All of the flight data provided by Earhart, with the possible exception of “ship in sight ahead,” can be fit with a variety of paths. In other words, there are no internal inconsistencies with Earhart’s data that she provided. The 200 and 100 mile out position reports are compatible simply because those positions were not the positions at the time she broadcast her messages, but were positions made somewhat prior to those times. Radio propagation characteristics and related distances had little if any bearing on the Monte Carlo solutions, as we did not use signal strength as a constraint, simply because we had no first hand information as to where that information came from, or how to relate it to objective values of range. The solutions without “ship in sight ahead” constraint placed Earhart squarely between Ontario and Myrtlebank, giving us an indeterminate solution as to which ship she saw. If the 0712 GMT position was made closer to the broadcast time, the probability should go towards the Ontario and vice versa. Finally, when Earhart believed she was at Howland, the plane was actually somewhere about 100 to 135nm to the SW of Howland. Caution must be used, however, as it was assumed that Earhart did not have a single celestial fix to update her flight, and that her entire Expected Path was based solely on dead reckoning.

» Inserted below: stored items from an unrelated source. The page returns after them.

Lemma psum_shift a n : psum a (S n) = a O + psum (fun k => a (S k)) n.
Proof. induction n; simpl in *; lra. Qed.

Lemma psum_add a m n : psum a (m + n) = psum a m + psum (fun k => a (m + k)%nat) n.
Proof.
  induction n; simpl. rewrite Nat.add_0_r; lra.
  rewrite Nat.add_succ_r. simpl. rewrite IHn. lra.
Qed.

Lemma psum_pred_le (a : nat -> R) N : (forall k, 0 <= a k) ->
  psum (fun i => a (i - 1)%nat) N <= a O + psum a N.
Proof.
  intros Hpos. destruct N. simpl. specialize (Hpos O). lra.
  rewrite psum_shift. simpl (0 - 1)%nat.
  rewrite (psum_ext (fun k => a (S k - 1)%nat) a) by (intros; f_equal; lia).
  pose proof (psum_mono a N (S N) Hpos ltac:(lia)). lra.
Qed.

Lemma psum_succ_le (a : nat -> R) N : (forall k, 0 <= a k) ->
  psum (fun i => a (S i)) N <= psum a (S N).
Proof. intros Hpos. rewrite psum_shift. specialize (Hpos O). lra. Qed.

Lemma psum_indicator_le (K : R) m N : 0 <= K ->
  psum (fun i => if Nat.ltb i m then K else 0) N <= INR m * K.
Proof.
  intros HK.
  assert (Hle : forall N, (N <= m)%nat -> psum (fun i => if Nat.ltb i m then K else 0) N <= INR m * K).
  { intros N0 HN. eapply Rle_trans. apply psum_le with (b := fun _ => K).
    intros k _. destruct (Nat.ltb k m); lra. rewrite psum_const.
    apply Rmult_le_compat_r; auto. apply le_INR; auto. }
  destruct (Nat.le_gt_cases N m). apply Hle; auto.
  replace N with (m + (N - m))%nat by lia. rewrite psum_add.
  rewrite (psum_ext (fun k => if Nat.ltb (m + k) m then K else 0) (fun _ => 0)), psum_zero.
  pose proof (Hle m (le_n m)). lra.
  intros k _. destruct (Nat.ltb_spec (m + k) m). lia. ring.
Qed.

Lemma psum_restrict_le (x : nat -> R) q N : (forall k, 0 <= x k) ->
  psum (fun i => if Nat.ltb i q then x i else 0) N <= psum x q.
Proof.
  intros Hx. induction N; simpl psum.
  - apply psum_nonneg; auto.
  - destruct (Nat.ltb_spec N q).
    + assert (psum (fun i => if Nat.ltb i q then x i else 0) N + x N <= psum x (S N)).
      { simpl. apply Rplus_le_compat_r. apply psum_le. intros k Hk. destruct (Nat.ltb_spec k q); [lra|lia]. }
      pose proof (psum_mono x (S N) q Hx ltac:(lia)). lra.
    + lra.
Qed.

Lemma psum_shift_right (x : nat -> R) q N :
  psum (fun i => if Nat.ltb i q then 0 else x (i - q)%nat) N = psum x (N - q).
Proof.
  induction N. reflexivity.
  change (psum (fun i => if Nat.ltb i q then 0 else x (i - q)%nat) (S N)) with
    (psum (fun i => if Nat.ltb i q then 0 else x (i - q)%nat) N + (if Nat.ltb N q then 0 else x (N - q)%nat)).
  rewrite IHN. destruct (Nat.ltb_spec N q).
  - replace (S N - q)%nat with O by lia. replace (N - q)%nat with O by lia. simpl. lra.
  - replace (S N - q)%nat with (S (N - q)) by lia. simpl. reflexivity.
Qed.

Lemma psum_delta_le (c : R) a N : 0 <= c -> psum (fun i => if Nat.eqb i a then c else 0) N <= c.
Proof.
  intros Hc. induction N; simpl psum. lra.
  destruct (Nat.eqb_spec N a).
  - subst. assert (psum (fun i => if Nat.eqb i a then c else 0) a = 0).
    { rewrite (psum_ext _ (fun _ => 0)), psum_zero; auto. intros k Hk. destruct (Nat.eqb_spec k a); [lia|ring]. }
    lra.
  - lra.
Qed.
Lemma w_omegaE f : f != 0 -> wf f = w_embed (omega_fun le v a w_cut f).
Proof.
have Hd := w_cut_is_cut; move: f; apply: closed_poly_ind.
- by move=> c c0; rewrite (omegaC a hv Hd Hdiv c0) wC // /w_embed /= mulr0z add0r.
- move=> c; have ac_eq c' : c' != a -> (a - c')%:P != 0 /\ wf (a - c')%:P = emb (v (c' - a)).
    move=> ca; have ac0 : a - c' != 0 by rewrite subr_eq0 eq_sym.
    by rewrite polyC_eq0 wC // (val_distC hv).
  have X0 : 'X - a%:P != 0 by rewrite polyXsubC_eq0.
  have [hc|hc] := classic (ball le v a w_cut c).
    rewrite (omega_Xsub_in hv Hd Hdiv hc) /w_embed /= emb0 addr0 mulr1z.
    have [-> //|ca] := eqVneq c a; have [ac0 Ew] := ac_eq c ca.
    have lt : ltof lew t (wf (a - c)%:P) by rewrite Ew; apply/(ballP v Hd ca).
    by have [_ <-] := w_strict X0 ac0 lt; rewrite polyCB addrA subrK.
  have [ca _] := ballNP Hd hc; have [ac0 Ew] := ac_eq c ca.
  rewrite (omega_Xsub_out hv Hd Hdiv hc) /w_embed /= mulr0z add0r -Ew.
  have lt : ltof lew (wf (a - c)%:P) t by rewrite Ew; have [_ hl] := ballNP Hd hc.
  have -> : 'X - c%:P = (a - c)%:P + ('X - a%:P) by rewrite [RHS]addrC polyCB addrA subrK.
  by have [_ ->] := w_strict ac0 X0 lt.
- by move=> f g f0 g0 ef eg; rewrite wM // (omegaM a hv Hd Hdiv f0 g0) w_embedD ef eg.
Qed.

Lemma w_mulz_emb k g : t *~ k = emb g -> k = 0.
Proof.
wlog kp : k g / 0 <= k.
  move=> wlog_kp E; have [kp|kn] := lerP 0 k; first exact: wlog_kp kp E.
  apply/eqP; rewrite -oppr_eq0; apply/eqP; apply: (wlog_kp _ (- g)).
    by rewrite oppr_ge0 ltW.
  by rewrite mulrNz E embN.
case: k kp => [[|n]|//] // _ E; exfalso; apply: ha.
by exists n.+1 => //; exists g; rewrite pmulrn.
Qed.

Lemma cut_npos_embed_le k b : cut_npos le w_cut k b -> lew (t *~ k + emb b) 0.
Proof.
case: (ltrgtP k 0) => [kn|kp|->].
- move/(cut_nposN _ _ _ kn) => [l [[hl _] hb]].
  have h1 : lew (emb b) (t *~ (- k)).
    apply: (oag_trans w_oag (iffRL (emb_le _ _) hb)); rewrite embMz.
    by apply: (oag_lerMz w_oag) => //; rewrite oppr_ge0 ltW.
  by have := oag_leDl w_oag (t *~ k) h1; rewrite mulrNz subrr.
- move/(cut_nposP _ _ _ kp) => [r [[hr _] hb]].
  have h1 : lew (t *~ k) (emb (r *~ k)).
    by rewrite embMz; apply: (oag_lerMz w_oag) => //; apply: ltW.
  apply: (oag_trans w_oag (oag_leDr w_oag (emb b) h1)).
  by rewrite -embD -emb0; apply/emb_le.
- by move/cut_npos0 => hb; rewrite mulr0z add0r -emb0; apply/emb_le.
Qed.

(** The converse needs [t] to be non-torsion over [Γ]: otherwise [k t + b]
    could vanish with [k != 0]. *)
Lemma cut_npos_embed k b : cut_npos le w_cut k b <-> lew (t *~ k + emb b) 0.
Proof.
split=> [|h]; first exact: cut_npos_embed_le.
case: (cut_npos_total Hle w_cut_is_cut Hdiv k b) => // /cut_npos_embed_le.
rewrite mulrNz embN -opprD => /(oag_leN w_oag); rewrite opprK oppr0 => h'.
have Et : t *~ k = emb (- b).
  by apply/eqP; rewrite embN -addr_eq0 (oag_anti w_oag h h').
have k0 := w_mulz_emb Et.
have b0 : b = 0.
  by apply: emb_inj; apply: oppr_inj; rewrite emb0 oppr0 -embN -Et k0 mulr0z.
by rewrite k0 b0; apply/cut_npos0; apply: (oag_refl Hle).
Qed.

Lemma cut_le_embed p q : cut_le le w_cut p q <-> lew (w_embed p) (w_embed q).
Proof.
rewrite cut_leE; apply: iff_trans (cut_npos_embed _ _) (iff_trans _ (oag_subr_le0 w_oag _ _)).
by rewrite -w_embedB.
Qed.

End Center.

Lemma omegaB_surj : value_transcendental w ->
  exists a d, is_cut le d /\ val_equiv (omegaB le v a d) w.
Proof.
move=> /exists_transcendental_center [a ha].
exists a, (w_cut a); split; first exact: w_cut_is_cut.
have wE := w_omegaE ha.
exists (w_embed a); split => //=.
- by move=> x [f [h [f0 h0 ->]]]; exists f, h; split => //; rewrite w_embedB -!wE.
- by move=> x y _ _; apply: w_embedD.
- by move=> x y _ _; apply: cut_le_embed.
- move=> x [f [h [f0 h0 ->]]].
  exists (omega_fun le v a (w_cut a) f - omega_fun le v a (w_cut a) h).
    by exists f, h.
  by rewrite w_embedB -!wE.
Qed.
(* Let $\succeq$ be a preference order on $\mathcal L^\infty(\Omega,\mathcal F)$ satisfying (SM), (PC) and (ST), let $\mathcal G\subseteq\mathcal F$ be a sub-$\sigma$-algebra and $f\in\mathcal L^\infty(\Omega,\mathcal F)$. Then $\mathfrak m(f\mid\mathcal G)\neq\varnothing$, and for any $g,\tilde g\in\mathfrak m(f\mid\mathcal G)$ one has $\{g\neq\tilde g\}\in\mathcal N_\succeq$.
   Context: $\mathcal L^\infty(\Omega,\mathcal F)$: bounded $\mathcal F$-measurable real functions. Preference order: complete transitive relation; $\succ,\sim$ as usual. Null events $\mathcal N_\succeq=\{A\in\mathcal F: f1_A+g1_{A^c}\sim g\ \forall f,g\}$. (SM): for $A\notin\mathcal N_\succeq$, every $f$ and constants $x>y$: $x1_A+f1_{A^c}\succ y1_A+f1_{A^c}$. (ST): if $f1_A+h1_{A^c}\succeq g1_A+h1_{A^c}$ then $f1_A+\tilde h1_{A^c}\succeq g1_A+\tilde h1_{A^c}$ for every $\tilde h$. (PC): for uniformly bounded $f_n\to f$ pointwise and $g\succ f$ (resp. $f\succ g$) there is $N$ with $g\succ f_n$ (resp. $f_n\succ g$) for $n>N$. Conditional Chisini mean: $\mathfrak m(f\mid\mathcal G)=\{g\in\mathcal L^\infty(\Omega,\mathcal G): f1_A\sim g1_A\ \forall A\in\mathcal G\}$. *)

From HB Require Import structures.
From mathcomp Require Import all_boot all_order all_algebra.
From mathcomp Require Import all_classical all_reals all_analysis.
Set Implicit Arguments. Unset Strict Implicit. Unset Printing Implicit Defensive.
Import Order.TTheory GRing.Theory Num.Theory numFieldNormedType.Exports.
Local Open Scope classical_set_scope.
Local Open Scope ring_scope.
(* Let $G$ be a finite abelian group which is either cyclic or a direct product of two cyclic groups. Then every normalized $3$-cocycle on $G$ (with values in $\mathbbm{k}^*$) is abelian.
   Context: $\mathbbm{k}$ is algebraically closed of characteristic zero. For a normalized 3-cocycle $\Phi$ on $G$ and $g\in G$, $\widetilde{\Phi}_g(x,y)=\frac{\Phi(g,x,y)\Phi(x,y,g)}{\Phi(x,g,y)}$. The category ${}^{\mathbbm{k}G}_{\mathbbm{k}G}\mathcal{YD}^{\Phi}$ has objects the $G$-graded vector spaces $V=\bigoplus_gV_g$ with operators $e\triangleright-$ ($e\in G$) preserving each $V_g$, $1\triangleright v=v$, and $e\triangleright(f\triangleright v)=\widetilde{\Phi}_g(e,f)(ef)\triangleright v$ for $v\in V_g$; morphisms are graded maps commuting with the actions. $\Phi$ is called abelian if every simple object of ${}^{\mathbbm{k}G}_{\mathbbm{k}G}\mathcal{YD}^{\Phi}$ is $1$-dimensional. *)

From HB Require Import structures.
From mathcomp Require Import all_boot all_order all_algebra all_fingroup all_solvable.
Unset Implicit Arguments. Unset Strict Implicit. Unset Printing Implicit Defensive.
Import GRing.Theory.
Local Open Scope ring_scope.

Section YD.
Variables (k : fieldType) (gT : finGroupType).

Definition normalized_3cocycle (Phi : gT -> gT -> gT -> k) : Prop :=
  [/\ (forall e f g, Phi e f g != 0),
      (forall e f g h,
         Phi (e * f)%g g h * Phi e f (g * h)%g
         = Phi e f g * Phi e (f * g)%g h * Phi f g h)
    & (forall e f, [/\ Phi 1%g e f = 1, Phi e 1%g f = 1 & Phi e f 1%g = 1])].

Definition tPhi (Phi : gT -> gT -> gT -> k) (g x y : gT) : k :=
  Phi g x y * Phi x y g / Phi x g y.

The point, however, is that the flight more than likely went to the SW of the intended flight path. What caused the offset between Expected and Actual to the SW? It must be weather related, as there are no other factors that can account for this large discrepancy. With no constraints in the simulations, at 0718Z, the difference between Expected and Actual is a negligible distance. At Ship Sighting time, 1030Z, the difference had increased to 24.3nm, bearing 261 degrees. At 1912Z, the difference is now 49.5nm at 208 degrees. Clearly, Earhart’s weather information was more favorable than what actually happened. This is borne out by the weather forecast for Ontario of 18 knots vs. 20 knots for much of the time after she passed the Ontario. Another factor is that Earhart’s forecast wind speeds were at elevation, so the figures were not adjusted for increased speed with height above the sea or rotation to the north, as were the Ontario winds. Thus, we actually calculate much of the time during the MC simulations that Earhart was experiencing 26 knot winds from roughly 58 degrees, rather than the 18 knot winds from 68 degrees as forecast. Adding the 200nm, 100nm, and Must Be On You constraints worsens the difference between Actual and Expected, suggesting that Earhart was really navigating more on dead reckoning than actual sightings. Thus it is the weather during the middle segment of her flight that contributes most to the unanticipated headwinds and southerly crosswinds Earhart experienced.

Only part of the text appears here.